(Records drawn from a dataset)
(* A new square [i] is put in the strip [0, side (e i)] and everything else is
   shifted right by [side (e i)]; this is what the half-plane [0 <= x] is for. *)
Lemma packs_square_cons e l K i : packs_square e l K -> packs_square e (i :: l) K.
Proof.
  intros Hpack.
  destruct (in_dec Nat.eq_dec i l) as [Hi | Hi].
  { apply (packs_square_same_elems e l); [| exact Hpack].
    intros j; split; [intros Hj; right; exact Hj | intros [<- | Hj]; assumption]. }
  destruct Hpack as (x & y & a & b & Hx & Hdisj & Hcov).
  set (d := side (e i)); pose proof (side_pos (e i)) as Hd; fold d in Hd.
  exists (fun j => if Nat.eqb j i then 0 else x j + d),
         (fun j => if Nat.eqb j i then 0 else y j), (a + d), b.
  split; [| split].
  - intros j [<- | Hj]; rewrite ?Nat.eqb_refl; [lra |].
    destruct (Nat.eqb_spec j i) as [-> | _]; [contradiction |].
    specialize (Hx j Hj); lra.
  - intros j k Hj Hk Hjk [p1 p2]; unfold open_sq; simpl.
    destruct (Nat.eqb_spec j i) as [-> | Hji], (Nat.eqb_spec k i) as [-> | Hki];
      [congruence | | |].
    + destruct Hk as [-> | Hk]; [congruence |]; specialize (Hx k Hk); fold d; lra.
    + destruct Hj as [-> | Hj]; [congruence |]; specialize (Hx j Hj); fold d; lra.
    + destruct Hj as [-> | Hj]; [congruence |]; destruct Hk as [-> | Hk]; [congruence |].
      intros H; apply (Hdisj j k Hj Hk Hjk (p1 - d, p2)); unfold open_sq; simpl; lra.
  - intros [p1 p2] Hp.
    destruct (Hcov (p1 - d, p2)) as (j & Hj & Hc); [unfold open_sq in *; simpl in *; lra |].
    exists j; split; [right; exact Hj |].
    destruct (Nat.eqb_spec j i) as [-> | _]; [contradiction |].
    unfold closed_sq in *; simpl in *; lra.
Qed.

Lemma packs_square_incl e l l' K : incl l l' -> packs_square e l K -> packs_square e l' K.
Proof.
  intros Hll' Hpack.
  assert (Happ : forall l'', packs_square e (l'' ++ l) K).
  { intros l''; induction l'' as [|i l'' IH]; [exact Hpack |]; apply packs_square_cons, IH. }
  apply (packs_square_same_elems e (l' ++ l)); [| apply Happ].
  intros i; rewrite in_app_iff; split; [intros [Hi | Hi] | intros Hi]; auto.
Qed.

Lemma open_sq_sub x y d x' y' d' p :
  x <= x' -> x' + d' <= x + d -> y <= y' -> y' + d' <= y + d ->
  open_sq x' y' d' p -> open_sq x y d p.
Proof. unfold open_sq; lra. Qed.

Lemma closed_sq_quadrants x y s p :
  closed_sq x y (2 * s) p ->
  closed_sq x y s p \/ closed_sq (x + s) y s p \/
  closed_sq x (y + s) s p \/ closed_sq (x + s) (y + s) s p.
Proof.
  unfold closed_sq; intros H.
  destruct (Rle_lt_dec (fst p) (x + s)), (Rle_lt_dec (snd p) (y + s)); lra.
Qed.

Definition tiles_square (e : nat -> Z) (q : list nat) (x y : nat -> R) (X Y D : R) : Prop :=
  (forall j, In j q ->
     X <= x j /\ x j + side (e j) <= X + D /\ Y <= y j /\ y j + side (e j) <= Y + D) /\
  disjoint_interiors e q x y /\
  (forall p, closed_sq X Y D p -> exists j, In j q /\ closed_sq (x j) (y j) (side (e j)) p).

Ltac simpl_eqb :=
  repeat match goal with |- context [Nat.eqb ?a ?b] =>
    destruct (Nat.eqb_spec a b); try congruence end.

Lemma quadrants_tile_square e i1 i2 i3 i4 m X Y :
  NoDup (i1 :: i2 :: i3 :: i4 :: nil) ->
  e i1 = m -> e i2 = m -> e i3 = m -> e i4 = m ->
  exists x y, tiles_square e (i1 :: i2 :: i3 :: i4 :: nil) x y X Y (2 * side m).
Proof.
  intros Hnd E1 E2 E3 E4.
  assert (D : i1 <> i2 /\ i1 <> i3 /\ i1 <> i4 /\ i2 <> i3 /\ i2 <> i4 /\ i3 <> i4).
  { apply NoDup_cons_iff in Hnd as [N1 Hnd]; apply NoDup_cons_iff in Hnd as [N2 Hnd].
    apply NoDup_cons_iff in Hnd as [N3 _]; simpl in *; intuition. }
  destruct D as (D12 & D13 & D14 & D23 & D24 & D34).
  set (s := side m); pose proof (side_pos m) as Hs; fold s in Hs.
  set (x := fun j => if (Nat.eqb j i2 || Nat.eqb j i4)%bool then X + s else X).
  set (y := fun j => if (Nat.eqb j i3 || Nat.eqb j i4)%bool then Y + s else Y).
  assert (Q1 : x i1 = X /\ y i1 = Y) by (unfold x, y; simpl_eqb; auto).
  assert (Q2 : x i2 = X + s /\ y i2 = Y) by (unfold x, y; simpl_eqb; auto).
  assert (Q3 : x i3 = X /\ y i3 = Y + s) by (unfold x, y; simpl_eqb; auto).
  assert (Q4 : x i4 = X + s /\ y i4 = Y + s) by (unfold x, y; simpl_eqb; auto).
  exists x, y; split; [| split].
  - intros j Hj; destruct Hj as [<- | [<- | [<- | [<- | []]]]];
      rewrite ?E1, ?E2, ?E3, ?E4; fold s; lra.
  - intros j k Hj Hk Hjk [p1 p2]; unfold open_sq; simpl.
    destruct Hj as [<- | [<- | [<- | [<- | []]]]], Hk as [<- | [<- | [<- | [<- | []]]]];
      try congruence; rewrite ?E1, ?E2, ?E3, ?E4; fold s; lra.
  - intros p Hp.
    destruct (closed_sq_quadrants _ _ _ _ Hp) as [Hc | [Hc | [Hc | Hc]]];
      [exists i1 | exists i2 | exists i3 | exists i4]; (split; [simpl; tauto |]);
      rewrite ?E1, ?E2, ?E3, ?E4; fold s; unfold closed_sq in *; lra.
Qed.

About this task » Lines above with "then": state how many, nothing more.

Response to the exercise » 4